Task: All lines in the data that hold the word "apply" need copying.
Start of Block
Lemma ce_diff_seq_cons F x t : ce_diff_seq F (x :: t) =
  al x (F t)
  - \sum_(0 <= i < size t) (-1) ^+ i *: al t`_i (F (x :: rem_nth i t))
  - \sum_(0 <= j < size t) (-1) ^+ j *:
       (F (b1 x t`_j :: rem_nth j t) + Q (F (b2 x t`_j :: rem_nth j t)))
  + \sum_(0 <= i < size t) \sum_(0 <= j < size t | (i < j)%N)
     (-1) ^+ (i + j) *: (F (b1 t`_i t`_j :: x :: rem_nth i (rem_nth j t)) +
                         Q (F (b2 t`_i t`_j :: x :: rem_nth i (rem_nth j t)))).
Proof.
rewrite /ce_diff_seq /= !big_nat_recl //= expr0 scale1r rem_nth0.
have shift_act : \sum_(0 <= i < size t) (-1) ^+ i.+1 *: al (x :: t)`_i.+1 (F (rem_nth i.+1 (x :: t)))
   = - \sum_(0 <= i < size t) (-1) ^+ i *: al t`_i (F (x :: rem_nth i t)).
  by rewrite -sumrN; apply: eq_bigr => i _; rewrite exprS mulN1r scaleNr.
have first_row : \sum_(0 <= j < (size t).+1 | (0 < j)%N) (-1) ^+ (0 + j) *:
     (F (b1 (x :: t)`_0 (x :: t)`_j :: rem_nth 0 (rem_nth j (x :: t))) +
      Q (F (b2 (x :: t)`_0 (x :: t)`_j :: rem_nth 0 (rem_nth j (x :: t)))))
   = - \sum_(0 <= j < size t) (-1) ^+ j *:
       (F (b1 x t`_j :: rem_nth j t) + Q (F (b2 x t`_j :: rem_nth j t))).
  rewrite big_mkcond big_nat_recl //= add0r -sumrN; apply: eq_bigr => j _.
  by rewrite exprS mulN1r scaleNr rem_nthS rem_nth0.
have other_rows i : \sum_(0 <= j < (size t).+1 | (i.+1 < j)%N) (-1) ^+ (i.+1 + j) *:
     (F (b1 (x :: t)`_i.+1 (x :: t)`_j :: rem_nth i.+1 (rem_nth j (x :: t))) +
      Q (F (b2 (x :: t)`_i.+1 (x :: t)`_j :: rem_nth i.+1 (rem_nth j (x :: t)))))
   = \sum_(0 <= j < size t | (i < j)%N) (-1) ^+ (i + j) *:
     (F (b1 t`_i t`_j :: x :: rem_nth i (rem_nth j t)) +
      Q (F (b2 t`_i t`_j :: x :: rem_nth i (rem_nth j t)))).
  rewrite big_mkcond big_nat_recl //= add0r [RHS]big_mkcond.
  apply: eq_bigr => j _; rewrite ltnS; case: ifP => // _.
  by rewrite addSn addnS !exprS !mulN1r opprK.
by rewrite shift_act first_row (eq_bigr _ (fun i _ => other_rows i)); abel.
Qed.
(* There is a sequence of positive numbers $(a_k)_{k\ge1}$ with $\sum_{k=1}^\infty a_k<\infty$ such that $\mathbb E(U_k)\le a_k$ for every $n\ge 2k$ and every $p\ge 2/5$, where $U_k$ is the number of proper star $k$-separations of $\Gamma\in G(n,p)$.
   Context: $G(n,p)$ is the Erdős–Rényi random graph on vertex set $V$, $|V|=n$, each edge independently present with probability $p$. For a graph $\Delta$ with vertex set $W$, a separation is $S\subset W$ with $S\ne\varnothing$, $S\ne W$ and no edges between $S$ and $W\setminus S$. $\mathrm{st}(a)$ is $a$ with its neighbours. A star separation of $\Gamma$ is a pair $(a,S)$ with $a\in V$, $S\subset V\setminus\mathrm{st}(a)$, such that $S$ is a separation of the full subgraph $\Gamma\setminus\mathrm{st}(a)$; it is a star $k$-separation if $|S|=k$, and proper if $S$ is not a separation of $\Gamma$. *)

From HB Require Import structures.
From mathcomp Require Import all_boot all_order all_algebra.
Set Implicit Arguments. Unset Strict Implicit. Unset Printing Implicit Defensive.
Import Order.TTheory GRing.Theory Num.Theory.
Local Open Scope ring_scope.

(* A simple graph on the vertex set 'I_n is given by its edge set
   E : {set {set 'I_n}}; only 2-element sets count as edges. *)
Definition pairs (n : nat) : {set {set 'I_n}} := [set e : {set 'I_n} | #|e| == 2%N].

Definition adj n (E : {set {set 'I_n}}) (x y : 'I_n) : bool :=
  (x != y) && ([set x; y] \in E).

Definition star n (E : {set {set 'I_n}}) (a : 'I_n) : {set 'I_n} :=
  [set x | (x == a) || adj E a x].

Definition is_sep n (E : {set {set 'I_n}}) (W S : {set 'I_n}) : bool :=
  [&& S \subset W, S != set0, S != W &
      [forall x in S, forall y in W :\: S, ~~ adj E x y]].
End of Block
Result of this task:
  by rewrite -sumrN; apply: eq_bigr => i _; rewrite exprS mulN1r scaleNr.
  rewrite big_mkcond big_nat_recl //= add0r -sumrN; apply: eq_bigr => j _.
  apply: eq_bigr => j _; rewrite ltnS; case: ifP => // _.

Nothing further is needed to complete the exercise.